German horticulturalists had pruned Isaac's family tree all the way back to the Galician soil. But with luck and intuition and no help from above, he had transplanted its roots into sidewalks of Washington, D.C., and lived to see it regrow limbs. And unless America turned on the Jews--until, his son, Irv, would correct--the tree would continue to branch and sprout. Of course, Isaac would be back in a hole by then. He would never unbend his knees, but at his unknown age, with unknown indignities however near, it was time to unball his Jewish fists and concede the beginning of the end. The difference between conceding and accepting is depression.

Even putting aside the destruction of Israel, the timing was unfortunate: it was only weeks before his eldest great-grandson's bar mitzvah, which Isaac had been marking as his life's finish line ever since he crossed the previous finish line of his youngest great-grandson's birth. But one can't control when an old Jew's soul will vacate his body and his body will vacate the coveted one-bedroom for the next body on the waiting list. One can't rush or defer manhood, either. Then again, the purchase of a dozen nonrefundable airplane tickets, the booking of a block of the Washington Hilton, and the payment of twenty-three thousand dollars in deposits for a bar mitzvah that has been on calendar since the last Winter Olympics are no guarantee that it's going to happen."


My Book Review: 

Trademark JSF-style, but dripping with marital bitterness and *extreme* crudity thrown in (seriously crass, even if you're a JSF fan it's unending).

The novel details the breakup of Jacob and Julia's marriage, their identity and faith crises, emotional detachment from their children, their children's pain, and a Middle Eastern earthquake and resulting war.

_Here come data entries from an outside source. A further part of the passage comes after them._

Definition Dq_meet (R S : rel) : rel := fun x y => R x y /\ S x y.
Definition Dq_join (R S : rel) : rel := fun x y => R x y \/ S x y.
Definition Dq_one (le : rel) : rel := le.
Definition Dq_zero (le E : rel) (a : X -> X) : rel :=
  comp (graph a) (conv (rcompl E le)).
Definition Dq_ldiv (E : rel) (R S : rel) : rel :=
  rcompl E (comp (conv R) (rcompl E S)).
Definition Dq_rdiv (E : rel) (R S : rel) : rel :=
  rcompl E (comp (rcompl E R) (conv S)).
Definition Dq_prime (E : rel) (a b : X -> X) (R : rel) : rel :=
  comp (comp (comp (graph a) (graph b)) (rcompl E R)) (graph b).
End Rels.

(* Abstract algebra on a carrier subset S of a type T (equality is Leibniz). *)
Section QRA.
Variable T : Type.
Variable S : T -> Prop.
Variables (meet join mul ldiv rdiv : T -> T -> T) (one zero : T)
          (lneg rneg prime : T -> T).

Definition lat_le (a b : T) : Prop := join a b = b.

Definition is_residuated_lattice : Prop :=
  (forall a b, S a -> S b -> S (meet a b)) /\
  (forall a b, S a -> S b -> S (join a b)) /\
  (forall a b, S a -> S b -> S (mul a b)) /\
  (forall a b, S a -> S b -> S (ldiv a b)) /\
  (forall a b, S a -> S b -> S (rdiv a b)) /\
  S one /\
  (forall a b c, S a -> S b -> S c -> meet a (meet b c) = meet (meet a b) c) /\
  (forall a b c, S a -> S b -> S c -> join a (join b c) = join (join a b) c) /\
  (forall a b, S a -> S b -> meet a b = meet b a) /\
  (forall a b, S a -> S b -> join a b = join b a) /\
  (forall a b, S a -> S b -> meet a (join a b) = a) /\
  (forall a b, S a -> S b -> join a (meet a b) = a) /\
  (forall a b c, S a -> S b -> S c -> mul a (mul b c) = mul (mul a b) c) /\
  (forall a, S a -> mul one a = a) /\
  (forall a, S a -> mul a one = a) /\
  (forall a b c, S a -> S b -> S c ->
     (lat_le (mul a b) c <-> lat_le b (ldiv a c)) /\
     (lat_le (mul a b) c <-> lat_le a (rdiv c b))).

Definition qra_plus (a b : T) : T := lneg (mul (rneg b) (rneg a)).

As usual, Foer excels in depicting coming-of-age and elderly male voices and his insights into Jewish identity are powerful. While both Jacob and Julia are greatly unlikable, Foer positions the guilty husband as the misunderstood, pained victim and his wife (the *only* female character of any substance in the novel) as nothing short of a cruel monster. This portrayal here of the sole depiction of womanhood as nothing short of a one-dimensional demon is annoyingly transparent given Foer's   recent divorce and makes for uncomfortable reading.

At times the writing of Here I Am is without a doubt four-star quality, but the crassness could sink this ship for many.